[Dataset entries]
Content starts
Lemma cvgV u L : L != 0 -> cvg u L -> cvg (fun N => (u N)^-1) L^-1.
Proof.
move=> L0 cu e e0; have aL0 : 0 < abs L by rewrite pabs_gt0.
have [N1 h1] := cu _ aL0.
have [N2 h2] := cu _ (mulr_gt0 e0 (exprn_gt0 2 aL0)).
exists (maxn N1 N2) => n; rewrite geq_max => /andP[/h1 hu /h2 hv].
have au := pabs_isosceles hu.
have u0 : u n != 0 by rewrite -pabs_eq0P au pabs_eq0P.
rewrite (_ : (u n)^-1 - L^-1 = (L - u n) * ((u n)^-1 * L^-1)); last by field; rewrite u0 L0.
rewrite !(pabs_mul HK) !pabsV au pabs_subC -expr2 exprVn.
by rewrite ltr_pdivrMr // exprn_gt0.
Qed.

Lemma cvg_uniq u L M : cvg u L -> cvg u M -> L = M.
Proof.
move=> cL cM; apply/eqP; rewrite -subr_eq0; apply: contraT; rewrite -pabs_gt0 => e0.
have [N1 h1] := cL _ e0; have [N2 h2] := cM _ e0; set N := maxn N1 N2.
have := pabsB_lt (h2 N (leq_maxr _ _)) (h1 N (leq_maxl _ _)).
by rewrite (_ : _ - _ = L - M) ?ltxx //; ring.
Qed.

Lemma lim_absE u L : cvg u L -> lim_abs abs u = L.
Proof. by move=> cu; apply: (cvg_uniq _ cu); apply: (epsilon_spec (inhabits 0) (cvg u)); exists L. Qed.

Lemma cvg_lim_abs u : (exists L, cvg u L) -> cvg u (lim_abs abs u).
Proof. by move=> [L cu]; rewrite (lim_absE cu). Qed.

Lemma cvg_sum n (u : 'I_n -> nat -> K) (L : 'I_n -> K) :
  (forall i, cvg (u i) (L i)) ->
  cvg (fun N => \sum_(i < n) u i N) (\sum_(i < n) L i).
Proof.
elim: n u L => [|n IH] u L cu.
  by rewrite big_ord0; apply: (eq_cvg _ (cvg_cst 0)) => N; rewrite big_ord0.
rewrite big_ord_recr; apply: (eq_cvg _ (cvgD (IH _ _ (fun i => cu _)) (cu ord_max))) => N.
by rewrite big_ord_recr.
Qed.

Lemma cvg_horner (P : {poly K}) u x : cvg u x -> cvg (fun N => P.[u N]) P.[x].
Proof.
move=> cu; rewrite horner_coef.
apply: (eq_cvg _ (cvg_sum (fun i => cvgM (cvg_cst P`_i) (cvgX i cu)))) => N.
by rewrite horner_coef.
Qed.

Lemma cvg0_geometric (u : nat -> K) (C c : R) : 0 <= c -> c < 1 ->
  (forall N, abs (u N) <= C * c ^+ N) -> cvg u 0.
Proof.
move=> c0 c1 hu e e0.
have C1 : 0 < `|C| + 1 by rewrite ltr_pwDr ?normr_ge0.
have [N hN] := exists_expr_lt c0 c1 (divr_gt0 e0 C1).
exists N => n hn; rewrite subr0; apply: le_lt_trans (hu n) _.
have : c ^+ n <= c ^+ N by rewrite ler_wiXn2l // ltW.
have : 0 <= c ^+ n by rewrite exprn_ge0.
have : C <= `|C| by rewrite ler_norm.
have : (`|C| + 1) * (e / (`|C| + 1)) = e by rewrite mulrC mulfVK // gt_eqF.
have : 0 <= `|C| by rewrite normr_ge0.
nra.
Qed.

Definition pratio (Q : K) := Num.max (abs p%:R) (abs (Q - 1)).

Lemma pratio_ge0 Q : 0 <= pratio Q.
Proof. by rewrite le_max (pabs_ge0 HK). Qed.

Lemma pratio_lt1 Q : disc1 Q -> pratio Q < 1.
Proof. by rewrite gt_max pabs_p_lt1. Qed.

Lemma pabs_qnum_p t : disc1 t -> abs (qnum t p) <= pratio t.
Proof.
move=> ht; rewrite (_ : qnum t p = p%:R + \sum_(i < p) (t ^+ i - 1)); last first.
  by rewrite qnumE sumrB sumr_const card_ord addrC subrK.
apply: pabsD_le; first by rewrite le_max lexx.
apply: pabs_sum_le (pratio_ge0 t) _ => i _.
rewrite subrX1_qnum (pabs_mul HK); apply: le_trans (_ : abs (t - 1) * 1 <= _).
  by rewrite ler_wpM2l ?(pabs_ge0 HK) ?pabs_qnum_le1.
by rewrite mulr1 le_max lexx orbT.
Qed.

Lemma pabs_subX1_ppow Q N :
  disc1 Q -> abs (Q ^+ (p ^ N) - 1) <= pratio Q ^+ N * abs (Q - 1).
Proof.
move=> hQ; elim: N => [|N IH]; first by rewrite expn0 expr1 mul1r.
rewrite expnSr exprM subrX1_qnum (pabs_mul HK); set t := Q ^+ (p ^ N) in IH *.
have cN : pratio Q ^+ N <= 1 by rewrite exprn_ile1 ?pratio_ge0 // ltW ?pratio_lt1.
have ht1 : abs (t - 1) <= abs (Q - 1).
  by apply: le_trans IH _; rewrite ler_piMl ?(pabs_ge0 HK).
have hp : abs (qnum t p) <= pratio Q.
  apply: le_trans (pabs_qnum_p (le_lt_trans ht1 hQ)) _.
  by rewrite ge_max !le_max lexx ht1 orbT.
have := pabs_ge0 HK (t - 1); have := pabs_ge0 HK (qnum t p).
have := pratio_ge0 Q; have : 0 <= pratio Q ^+ N by rewrite exprn_ge0 ?pratio_ge0.
rewrite exprSr; nra.
Qed.

Lemma cvg_expr_ppow Q : disc1 Q -> cvg (fun N => Q ^+ (p ^ N)) 1.
Proof.
move=> hQ; have : cvg (fun N => Q ^+ (p ^ N) - 1) 0.
  apply: (cvg0_geometric (pratio_ge0 Q) (pratio_lt1 hQ)) => N.
  by rewrite mulrC; apply: pabs_subX1_ppow.
move/cvgD/(_ (cvg_cst 1)); rewrite add0r; apply: eq_cvg => N.
by rewrite subrK.
Qed.

Lemma cvg_qnum_ppow Q : disc1 Q -> cvg (fun N => qnum Q (p ^ N)) 0.
Proof.
move=> hQ; apply: (cvg0_geometric (C := 1) (pratio_ge0 Q) (pratio_lt1 hQ)) => N.
rewrite mul1r; have [->|Q1] := eqVneq Q 1.
  by rewrite /qnum eqxx natrX pabsX lerXn2r ?nnegrE ?(pabs_ge0 HK) ?pratio_ge0 ?le_max ?lexx.
have hQ1 : 0 < abs (Q - 1) by rewrite pabs_gt0 subr_eq0.
by rewrite -(ler_pM2r hQ1) -(pabs_mul HK) mulrC -subrX1_qnum pabs_subX1_ppow.
Qed.

(* [fqint abs p r f] is by definition [lim_abs abs (fqsum r f)]. *)
Definition fqsum (r : K) (f : nat -> K) (N : nat) : K :=
  (\sum_(xi < p ^ N) f xi * (- r) ^+ xi) / ((1 + r ^+ (p ^ N)) / (1 + r)).

Lemma eq_fqsum r f g N : f =1 g -> fqsum r f N = fqsum r g N.
Proof. by move=> fg; rewrite /fqsum; under eq_bigr do rewrite fg. Qed.

Lemma fqsum_lin r a f g N :
  fqsum r (fun x => a * f x + g x) N = a * fqsum r f N + fqsum r g N.
Proof.
rewrite /fqsum mulrA -mulrDl mulr_sumr -big_split /=.
by congr (_ * _); apply: eq_bigr => x _; ring.
Qed.

Lemma fqsum_comb r n (c : 'I_n -> K) (f : 'I_n -> nat -> K) N :
  fqsum r (fun x => \sum_(i < n) c i * f i x) N = \sum_(i < n) c i * fqsum r (f i) N.
Proof.
rewrite /fqsum; under eq_bigr do rewrite mulr_suml.
rewrite exchange_big /= mulr_suml; apply: eq_bigr => i _.
by rewrite mulrA mulr_sumr !mulr_suml; apply: eq_bigr => x _; ring.
Qed.

(* Telescoping over an odd number p^N of terms, where (-r)^(p^N) = -r^(p^N). *)
Lemma fqsum_shift r f N :
  r * fqsum r (fun x => f x.+1) N + fqsum r f N
  = (f 0%N + r ^+ (p ^ N) * f (p ^ N)%N) / ((1 + r ^+ (p ^ N)) / (1 + r)).
Proof.
rewrite /fqsum mulrA -mulrDl; congr (_ * _); set M := (p ^ N)%N.
have eM : (- r) ^+ M = - r ^+ M by rewrite exprNn -signr_odd oddX Hodd orbT mulN1r.
have e1 : \sum_(i < M.+1) f i * (- r) ^+ i
          = f 0%N - r * \sum_(i < M) f i.+1 * (- r) ^+ i.
  rewrite big_ord_recl expr0 mulr1 mulr_sumr -sumrN.
  by congr (_ + _); apply: eq_bigr => i _; rewrite exprS; ring.
have := e1; rewrite big_ord_recr /= eM => e2.
have -> : r * \sum_(i < M) f i.+1 * (- r) ^+ i
          = f 0%N - (\sum_(i < M) f i * (- r) ^+ i + f M * - r ^+ M).
  by rewrite e2; ring.
ring.
Qed.

Lemma cvg_fqsum_boundary r f : disc1 r -> cvg (fun N => f (p ^ N)%N) (f 0%N) ->
  cvg (fun N => (f 0%N + r ^+ (p ^ N) * f (p ^ N)%N) / ((1 + r ^+ (p ^ N)) / (1 + r)))
      ((1 + r) * f 0%N).
Proof.
move=> hr cf; have r1 := disc1_add1_neq0 hr.
have two0 : 2 != 0 :> K by apply: natr_neq0.
have c1 := cvgD (cvg_cst (f 0%N)) (cvgM (cvg_expr_ppow hr) cf).
have c2 := cvgM (cvgD (cvg_cst 1) (cvg_expr_ppow hr)) (cvg_cst (1 + r)^-1).
have c3 := cvgV (mulf_neq0 two0 (invr_neq0 r1)) c2.
rewrite (_ : (1 + r) * f 0%N = (f 0%N + 1 * f 0%N) / ((1 + 1) / (1 + r))).
  exact: cvgM c1 c3.
by field; rewrite r1 two0.
Qed.

Section QPolyIntegral.
Variables (r s Q : K).
Hypotheses (hr : disc1 r) (hs : disc1 s) (hQ : disc1 Q).

Definition qpoly_fun (P : {poly K}) (x : nat) : K := s ^+ x * P.[qnum Q x].

Definition qpoly_int (P : {poly K}) : K := fqint abs p r (qpoly_fun P).

Lemma qpoly_fun0 P : qpoly_fun P 0 = P.[0].
Proof. by rewrite /qpoly_fun expr0 mul1r qnum0. Qed.

Lemma cvg_qpoly_fun_ppow P : cvg (fun N => qpoly_fun P (p ^ N)%N) (qpoly_fun P 0).
Proof.
rewrite qpoly_fun0 -[P.[0]]mul1r.
exact: cvgM (cvg_expr_ppow hs) (cvg_horner P (cvg_qnum_ppow hQ)).
Qed.

Lemma qpoly_fun_shift P x :
  qpoly_fun (s *: (P \Po (Q *: 'X + 1))) x = qpoly_fun P x.+1.
Proof.
rewrite /qpoly_fun hornerZ horner_comp hornerD hornerZ hornerX hornerC qnumS.
by rewrite exprS [1 + _]addrC; ring.
Qed.

Lemma qpoly_fun_coef P x : qpoly_fun P x = \sum_(i < size P) P`_i * qpoly_fun 'X^i x.
Proof.
rewrite /qpoly_fun horner_coef mulr_sumr; apply: eq_bigr => i _.
by rewrite hornerXn mulrCA.
Qed.

(* The shift identity solved for the top monomial: the limit exists by
   strong induction on the degree. *)
Lemma cvg_fqsum_monomial j : exists L, cvg (fqsum r (qpoly_fun 'X^j)) L.
Proof.
elim/ltn_ind: j => j IH.
pose c (i : 'I_j.+1) : K := s * (Q ^+ i * 'C(j, i)%:R).
pose c' (i : 'I_j) := c (widen_ord (leqnSn j) i).
have hshift x : qpoly_fun 'X^j x.+1 = \sum_(i < j.+1) c i * qpoly_fun 'X^i x.
  rewrite /qpoly_fun hornerXn qnumS addrC exprD1n exprS -mulrA !mulr_sumr.
  by apply: eq_bigr => i _; rewrite hornerXn /c exprMn -mulr_natr; ring.
have diag : 1 + r * s * Q ^+ j != 0 by rewrite disc1_add1_neq0 ?disc1M ?disc1X.
have hsolve N : fqsum r (qpoly_fun 'X^j) N
   = ((qpoly_fun 'X^j 0%N + r ^+ (p ^ N) * qpoly_fun 'X^j (p ^ N)%N)
        / ((1 + r ^+ (p ^ N)) / (1 + r))
      - r * \sum_(i < j) c' i * fqsum r (qpoly_fun 'X^i) N) / (1 + r * s * Q ^+ j).
  rewrite -fqsum_shift (eq_fqsum _ _ hshift) fqsum_comb big_ord_recr /=.
  by rewrite /c /= binn mulr1; field.
eexists; apply: (eq_cvg (fun N => esym (hsolve N))).
apply: cvgM (cvg_cst _); apply: cvgB (cvg_fqsum_boundary hr (cvg_qpoly_fun_ppow _)) _.
apply: cvgM (cvg_cst _) _.
apply: (@cvg_sum j (fun i N => c' i * fqsum r (qpoly_fun 'X^i) N)) => i.
by apply: cvgM (cvg_cst _) _; apply/cvg_lim_abs/IH.
Qed.

Lemma cvg_fqsum_qpoly P : cvg (fqsum r (qpoly_fun P)) (qpoly_int P).
Proof.
apply: cvg_lim_abs.
exists (\sum_(i < size P) P`_i * lim_abs abs (fqsum r (qpoly_fun 'X^i))).
apply: (eq_cvg (fun N => esym (eq_fqsum r N (qpoly_fun_coef P)))).
apply: (eq_cvg (fun N => esym (fqsum_comb r (fun i => P`_i) (fun i => qpoly_fun 'X^i) N))).
apply: (@cvg_sum (size P) (fun i N => P`_i * fqsum r (qpoly_fun 'X^i) N)) => i.
by apply: cvgM (cvg_cst _) _; apply/cvg_lim_abs/cvg_fqsum_monomial.
Qed.

Lemma eq_qpoly_int P P' : (forall x, P.[x] = P'.[x]) -> qpoly_int P = qpoly_int P'.
Proof.
move=> PP'; apply/esym/lim_absE; apply: (eq_cvg _ (cvg_fqsum_qpoly P)) => N.
by apply: eq_fqsum => x; rewrite /qpoly_fun PP'.
Qed.

Lemma qpoly_int_lin a P P' :
  qpoly_int (a *: P + P') = a * qpoly_int P + qpoly_int P'.
Proof.
apply: lim_absE.
apply: (eq_cvg _ (cvgD (cvgM (cvg_cst a) (cvg_fqsum_qpoly P)) (cvg_fqsum_qpoly P'))) => N.
rewrite -fqsum_lin; apply: eq_fqsum => x; rewrite /qpoly_fun hornerD hornerZ; ring.
Qed.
Content ends
• What needs to be done
Only the lines that contain the string "hornerXn" are to be copied from the records.

• Result
by rewrite hornerXn mulrCA.
  rewrite /qpoly_fun hornerXn qnumS addrC exprD1n exprS -mulrA !mulr_sumr.
  by apply: eq_bigr => i _; rewrite hornerXn /c exprMn -mulr_natr; ring.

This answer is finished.